● **What is required**: Find the lines of data that contain the string "params", then list them.

Recorded data
#####

(* (Redeemability) In the TeeRollup protocol with the challenge mechanism described in the context, if a client submits a transaction $tx$ to the sequencers, then either $tx$ is eventually executed, or the TeeRollup smart contract (TSC) is settled, in which case the deposit of every client can be redeemed on the main chain.
   Context: TeeRollup is a rollup protocol on a main chain with finality, timestamps and smart contracts. There are $n$ sequencers, each with a TEE enclave holding a registered key pair; at most $f$ TEEs are compromised and the rest are uncompromised; any sequencer may be malicious and may crash its enclave or drop messages to/from it. Uncompromised enclaves run the fixed protocol program. Rollup states are recorded on the TSC as digests $st_h=\langle h, H(st_{h-1}), R_h, H(txs_h)\rangle$, where $R_h$ is the Merkle root of the account tree (account address, i.e. public key, and balance); data availability providers store the full account tree and can supply Merkle proofs of balances. A quorum certificate (QC) is a set of valid signatures from at least $f+1$ distinct registered sequencers' enclaves. Challenge mechanism on the TSC: while the TSC is Active, a client may call StartChallenge, posting $tx$ on-chain together with collateral; this records the start time. An enclave that receives the challenge includes $tx$ in its next batch, executes it and signs it. A challenge is resolved (ResolveChallenge) only by submitting a valid QC for the execution of $tx$ before a waiting time $\tau$ elapses. If the challenge is not resolved within $\tau$, anyone may call SettleRollup, which sets the TSC to Frozen (no further state updates or deposits). While Frozen, any client can call SettleWithdraw with its account address, a signature under that account's secret key, a balance $b$ and a Merkle proof that the account has balance $b$ under the account root of the latest recorded state; upon verification the TSC refunds $b$ on the main chain to the client. *)

From mathcomp Require Import all_boot.
From Stdlib Require List.
Set Implicit Arguments. Unset Strict Implicit. Unset Printing Implicit Defensive.

(* Basic data: addresses (= public keys), hashes, signatures, secret keys,
   transactions are all encoded as natural numbers. *)
Definition addr := nat.
Definition hash := nat.
Definition sig := nat.
Definition skey := nat.
Definition tx := nat.

(* st_h = < h, H(st_{h-1}), R_h, H(txs_h) > *)
Record digest := Digest {
  d_height : nat; d_prev : hash; d_root : hash; d_txh : hash }.

Inductive msg :=
  | MState of digest          (* a state digest, signed by an enclave *)
  | MExec of tx               (* execution of a (challenged) transaction *)
  | MWithdraw of addr & nat.

Record crypto := Crypto {
  pk_of : skey -> addr;                  (* public key = account address *)
  sign : skey -> msg -> sig;
  verify : addr -> msg -> sig -> bool;
  Hd : digest -> hash;
  Htxs : seq tx -> hash;
  Hleaf : addr -> nat -> hash;           (* Merkle leaf hash of (address, balance) *)
  Hnode : hash -> hash -> hash }.

Definition sig_correct (C : crypto) : Prop :=
  forall sk m, verify C (pk_of C sk) m (sign C sk m).

Inductive mtree := MLeaf of addr & nat | MNode of mtree & mtree.

Fixpoint mroot (C : crypto) (t : mtree) : hash :=
  match t with
  | MLeaf a b => Hleaf C a b
  | MNode l r => Hnode C (mroot C l) (mroot C r)
  end.

Fixpoint leaves (t : mtree) : seq (addr * nat) :=
  match t with
  | MLeaf a b => [:: (a, b)]
  | MNode l r => leaves l ++ leaves r
  end.

(* A Merkle proof: the list of siblings from the leaf up to the root;
   (true, h) means the sibling h is on the right, (false, h) on the left. *)
Definition mproof := seq (bool * hash).

Definition mverify (C : crypto) (root : hash) (a : addr) (b : nat) (p : mproof) : bool :=
  foldl (fun acc (s : bool * hash) => if s.1 then Hnode C acc s.2 else Hnode C s.2 acc)
        (Hleaf C a b) p == root.

(* Protocol parameters: n sequencers with registered enclave keys, the
   fault bound f (QC size f+1) and the challenge waiting time tau. *)
Record params := Params { n : nat; f : nat; reg : seq addr; tau : nat }.

(* A quorum certificate: (sequencer index, signature) pairs. *)
Definition qc := seq (nat * sig).

Definition valid_qc (C : crypto) (P : params) (m : msg) (q : qc) : bool :=
  [&& uniq (map fst q), f P < size q &
      all (fun e : nat * sig => (e.1 < n P) && verify C (nth 0 (reg P) e.1) m e.2) q].

Record tsc := TSC {
  st_frozen : bool;                        (* false = Active, true = Frozen *)
  st_latest : digest;
  st_past : seq digest;
  st_challenges : seq (tx * nat * bool);   (* (tx, start time, resolved?) *)
  st_executed : seq tx;
  st_refunds : seq (addr * nat) }.

(* Calls to the TSC (collateral of challenges is not modelled). *)
Inductive call :=
  | UpdateState of digest & seq tx & qc
  | StartChallenge of tx
  | ResolveChallenge of tx & qc
  | SettleRollup
  | SettleWithdraw of addr & sig & nat & mproof.

Definition step (C : crypto) (P : params) (now : nat) (S : tsc) (c : call) : tsc :=
  match c with
  | UpdateState d txs q =>
      if [&& ~~ st_frozen S, valid_qc C P (MState d) q,
             d_height d == (d_height (st_latest S)).+1,
             d_prev d == Hd C (st_latest S) & d_txh d == Htxs C txs]
      then TSC (st_frozen S) d (st_latest S :: st_past S) (st_challenges S)
               (txs ++ st_executed S) (st_refunds S)
      else S
  | StartChallenge x =>
      if ~~ st_frozen S
      then TSC (st_frozen S) (st_latest S) (st_past S) ((x, now, false) :: st_challenges S)
               (st_executed S) (st_refunds S)
      else S
  | ResolveChallenge x q =>
      if [&& ~~ st_frozen S,
             has (fun c : tx * nat * bool => [&& c.1.1 == x, ~~ c.2 & now < c.1.2 + tau P])
                 (st_challenges S)
           & valid_qc C P (MExec x) q]
      then TSC (st_frozen S) (st_latest S) (st_past S)
               (map (fun c : tx * nat * bool =>
                       if (c.1.1 == x) && (now < c.1.2 + tau P) then (c.1, true) else c)
                    (st_challenges S))
               (x :: st_executed S) (st_refunds S)
      else S
  | SettleRollup =>
      if ~~ st_frozen S &&
         has (fun c : tx * nat * bool => ~~ c.2 && (c.1.2 + tau P <= now)) (st_challenges S)
      then TSC true (st_latest S) (st_past S) (st_challenges S) (st_executed S) (st_refunds S)
      else S
  | SettleWithdraw a s b p =>
      if [&& st_frozen S, verify C a (MWithdraw a b) s & mverify C (d_root (st_latest S)) a b p]
      then TSC (st_frozen S) (st_latest S) (st_past S) (st_challenges S) (st_executed S)
               ((a, b) :: st_refunds S)
      else S
  end.

Definition init_tsc (g : digest) : tsc := TSC false g [::] [::] [::] [::].

(* The main chain: block t (timestamp t) contains the list of TSC calls,
   processed in order.  state_at t = TSC state before block t. *)
Fixpoint state_at (C : crypto) (P : params) (g : digest) (blocks : nat -> seq call)
    (t : nat) : tsc :=
  match t with
  | 0 => init_tsc g
  | t'.+1 => foldl (step C P t') (state_at C P g blocks t') (blocks t')
  end.

(* Every account holder of the latest recorded state can redeem its balance:
   with the Merkle proof (supplied by the DA providers from the stored tree
   da (st_latest S)) and its own signature, SettleWithdraw refunds b. *)
Definition redeemable (C : crypto) (P : params) (da : digest -> mtree) (S : tsc) : Prop :=
  forall (sk : skey) (b : nat), (pk_of C sk, b) \in leaves (da (st_latest S)) ->
    exists p : mproof, forall now : nat,
      st_refunds (step C P now S
        (SettleWithdraw (pk_of C sk) (sign C sk (MWithdraw (pk_of C sk) b)) b p))
      = (pk_of C sk, b) :: st_refunds S.

Definition in_block (c : call) (b : seq call) : Prop := List.In c b.

(* Once x is challenged at time tc, the pending entry (x, tc, unresolved) can
   only disappear by a ResolveChallenge, which records x as executed, or be
   made irrelevant by freezing.  So at time tc + tau either x is executed or
   the unresolved entry is old enough for SettleRollup to freeze the TSC.
   Freezing is permanent, and then every account (a, b) of the latest state
   is a leaf of the stored tree, whose root is the recorded one: the path of
   siblings is a valid Merkle proof and SettleWithdraw pays out b. *)
From mathcomp Require Import all_boot.

Set Implicit Arguments.
Unset Strict Implicit.

Lemma mverify_leaf (C : crypto) (t : mtree) (a : addr) (b : nat) :
  (a, b) \in leaves t -> exists p : mproof, mverify C (mroot C t) a b p.
Proof.
rewrite /mverify; elim: t => [a' b'|l IHl r IHr] /=.
  by rewrite inE => /eqP [-> ->]; exists [::].
rewrite mem_cat => /orP [/IHl [p /eqP Hp]|/IHr [p /eqP Hp]].
  by exists (rcons p (true, mroot C r)); rewrite -cats1 foldl_cat Hp.
by exists (rcons p (false, mroot C l)); rewrite -cats1 foldl_cat Hp.
Qed.

Section TSC.
Variables (C : crypto) (P : params).

Lemma foldl_step_inv (Q : tsc -> Prop) now (bl : seq call) (S : tsc) :
  (forall S c, Q S -> Q (step C P now S c)) ->
  Q S -> Q (foldl (step C P now) S bl).
Proof. by move=> HQ; elim: bl S => [|c bl IH] S QS //=; apply/IH/HQ. Qed.

Lemma foldl_step_in (I Q : tsc -> Prop) now (c : call) (bl : seq call) (S : tsc) :
  (forall S c', I S -> I (step C P now S c')) ->
  (forall S c', Q S -> Q (step C P now S c')) ->
  (forall S, I S -> Q (step C P now S c)) ->
  in_block c bl -> I S -> Q (foldl (step C P now) S bl).
Proof.
move=> HI HQ Hc; elim: bl S => [|c' bl IH] S //= [->|Hin] IS.
  by apply: foldl_step_inv => //; apply: Hc.
by apply: IH => //; apply: HI.
Qed.

Lemma state_at_inv (Q : tsc -> Prop) g blocks t1 t2 :
  (forall now S c, Q S -> Q (step C P now S c)) ->
  t1 <= t2 -> Q (state_at C P g blocks t1) -> Q (state_at C P g blocks t2).
Proof.
move=> HQ /subnK <-; elim: (t2 - t1) => [//|d IH] Q1.
rewrite addSn /=; exact: foldl_step_inv (HQ _) (IH Q1).
Qed.

Lemma step_frozen now S c : st_frozen S -> st_frozen (step C P now S c).
Proof. by case: c => [d txs q|y|y q||a s b p] /=; case: ifP. Qed.

Lemma step_executed x now S c :
  x \in st_executed S -> x \in st_executed (step C P now S c).
Proof.
move=> Hx; case: c => [d txs q|y|y q||a s b p] /=; case: ifP => //= _.
  by rewrite mem_cat Hx orbT.
by rewrite inE Hx orbT.
Qed.

Lemma step_frozen_or_executed x now S c :
  st_frozen S || (x \in st_executed S) ->
  st_frozen (step C P now S c) || (x \in st_executed (step C P now S c)).
Proof.
case/orP => [Hf|Hx]; first by rewrite step_frozen.
by rewrite step_executed ?orbT.
Qed.

Definition challenge_tracked (x : tx) (tc : nat) (S : tsc) : bool :=
  [|| st_frozen S, x \in st_executed S | (x, tc, false) \in st_challenges S].

Lemma step_challenge_tracked x tc now S c :
  challenge_tracked x tc S -> challenge_tracked x tc (step C P now S c).
Proof.
case/or3P => [Hf|Hx|Hc].
- by rewrite /challenge_tracked step_frozen.
- by rewrite /challenge_tracked step_executed ?orbT.
rewrite /challenge_tracked.
case: c => [d txs q|y|y q||a s b p] /=; case: ifP => _ /=; rewrite ?inE ?Hc ?orbT //.
have [->|ne] := eqVneq x y; first by rewrite orbT.
apply/or3P/Or33/mapP; exists (x, tc, false) => //=.
by rewrite (negbTE ne).
Qed.

Lemma start_challenge_tracked x now S :
  challenge_tracked x now (step C P now S (StartChallenge x)).
Proof.
rewrite /challenge_tracked /=; case: ifP => /= [_|/negbFE -> //].
by rewrite inE eqxx !orbT.
Qed.

(* An unresolved entry at least tau old is exactly what SettleRollup needs. *)
Lemma settle_rollup_frozen x tc now S :
  tc + tau P <= now -> challenge_tracked x tc S ->
  st_frozen (step C P now S SettleRollup) || (x \in st_executed S).
Proof.
move=> Hnow /or3P [Hf|Hx|Hc] /=.
- by case: ifP; rewrite /= Hf.
- by case: ifP; rewrite /= ?Hx ?orbT.
case: ifP => //= /negbT /nandP [/negPn -> //|/hasPn/(_ _ Hc)].
by rewrite /= Hnow.
Qed.

Lemma frozen_redeemable (da : digest -> mtree) (S : tsc) :
  sig_correct C -> st_frozen S ->
  mroot C (da (st_latest S)) = d_root (st_latest S) -> redeemable C P da S.
Proof.
move=> Hsig Hf Hda sk b /(mverify_leaf C) [p Hp]; exists p => now /=.
by rewrite Hf Hsig -Hda Hp.
Qed.

Section Run.
Variables (g : digest) (blocks : nat -> seq call) (x : tx) (tc : nat).
Local Notation state := (state_at C P g blocks).

Lemma state_frozen t1 t2 : t1 <= t2 -> st_frozen (state t1) -> st_frozen (state t2).
Proof. exact: state_at_inv (@step_frozen). Qed.

Lemma challenge_tracked_after_start :
  (~~ st_frozen (state tc) -> x \notin st_executed (state tc) ->
   in_block (StartChallenge x) (blocks tc)) ->
  challenge_tracked x tc (state tc.+1).
Proof.
move=> Hch.
have [Hdone|] := boolP (st_frozen (state tc) || (x \in st_executed (state tc))).
  apply: (state_at_inv (@step_challenge_tracked x tc) (leqnSn tc)).
  by rewrite /challenge_tracked orbA Hdone.
rewrite negb_or => /andP [Hnf Hnx].
apply: (foldl_step_in (I := fun _ => True) (Q := challenge_tracked x tc)) (Hch Hnf Hnx) _ => //.
- exact: step_challenge_tracked.
- by move=> S _; apply: start_challenge_tracked.
Qed.

Lemma challenge_outcome :
  0 < tau P ->
  (~~ st_frozen (state tc) -> x \notin st_executed (state tc) ->
   in_block (StartChallenge x) (blocks tc)) ->
  (~~ st_frozen (state (tc + tau P)) -> x \notin st_executed (state (tc + tau P)) ->
   in_block SettleRollup (blocks (tc + tau P))) ->
  st_frozen (state (tc + tau P).+1) || (x \in st_executed (state (tc + tau P).+1)).
Proof.
move=> Htau Hch Hset.
have [Hdone|] := boolP (st_frozen (state (tc + tau P)) || (x \in st_executed (state (tc + tau P)))).
  exact: (state_at_inv (@step_frozen_or_executed x) (leqnSn _) Hdone).
rewrite negb_or => /andP [Hnf Hnx].
apply: (foldl_step_in (I := challenge_tracked x tc)
          (Q := fun S => st_frozen S || (x \in st_executed S))) (Hset Hnf Hnx) _.
- exact: step_challenge_tracked.
- exact: step_frozen_or_executed.
- move=> S /(settle_rollup_frozen (leqnn _))/orP [-> //|Hx].
  by rewrite step_executed ?orbT.
apply: (state_at_inv (@step_challenge_tracked x tc) _ (challenge_tracked_after_start Hch)).
by rewrite -addn1 leq_add2l.
Qed.

End Run.
End TSC.

Theorem theorem2 (C : crypto) (P : params) (g : digest) (da : digest -> mtree)
    (blocks : nat -> seq call) (x : tx) (tc : nat) :
  sig_correct C ->
  size (reg P) = n P -> uniq (reg P) -> 0 < tau P ->
  (* data availability: the stored account tree matches the recorded root *)
  (forall t, mroot C (da (st_latest (state_at C P g blocks t)))
             = d_root (st_latest (state_at C P g blocks t))) ->
  (* the client challenges x at time tc if it is not executed yet *)
  (~~ st_frozen (state_at C P g blocks tc) ->
   x \notin st_executed (state_at C P g blocks tc) ->
   in_block (StartChallenge x) (blocks tc)) ->
  (* after the waiting time, SettleRollup is called if x is still not executed *)
  (~~ st_frozen (state_at C P g blocks (tc + tau P)) ->
   x \notin st_executed (state_at C P g blocks (tc + tau P)) ->
   in_block SettleRollup (blocks (tc + tau P))) ->
  (exists t, x \in st_executed (state_at C P g blocks t)) \/
  (exists t, forall t', t <= t' ->
     st_frozen (state_at C P g blocks t') /\ redeemable C P da (state_at C P g blocks t')).
Proof.
move=> Hsig _ _ Htau Hda Hch Hset.
case/orP: (challenge_outcome Htau Hch Hset) => [Hf|Hx]; last by left; exists (tc + tau P).+1.
right; exists (tc + tau P).+1 => t' le.
have Hfrozen := state_frozen le Hf.
by split; last exact: frozen_redeemable.
Qed.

#####

● **Exercise response**:
Record params := Params { n : nat; f : nat; reg : seq addr; tau : nat }.
Definition valid_qc (C : crypto) (P : params) (m : msg) (q : qc) : bool :=
Definition step (C : crypto) (P : params) (now : nat) (S : tsc) (c : call) : tsc :=
Fixpoint state_at (C : crypto) (P : params) (g : digest) (blocks : nat -> seq call)
Definition redeemable (C : crypto) (P : params) (da : digest -> mtree) (S : tsc) : Prop :=
Variables (C : crypto) (P : params).
Theorem theorem2 (C : crypto) (P : params) (g : digest) (da : digest -> mtree)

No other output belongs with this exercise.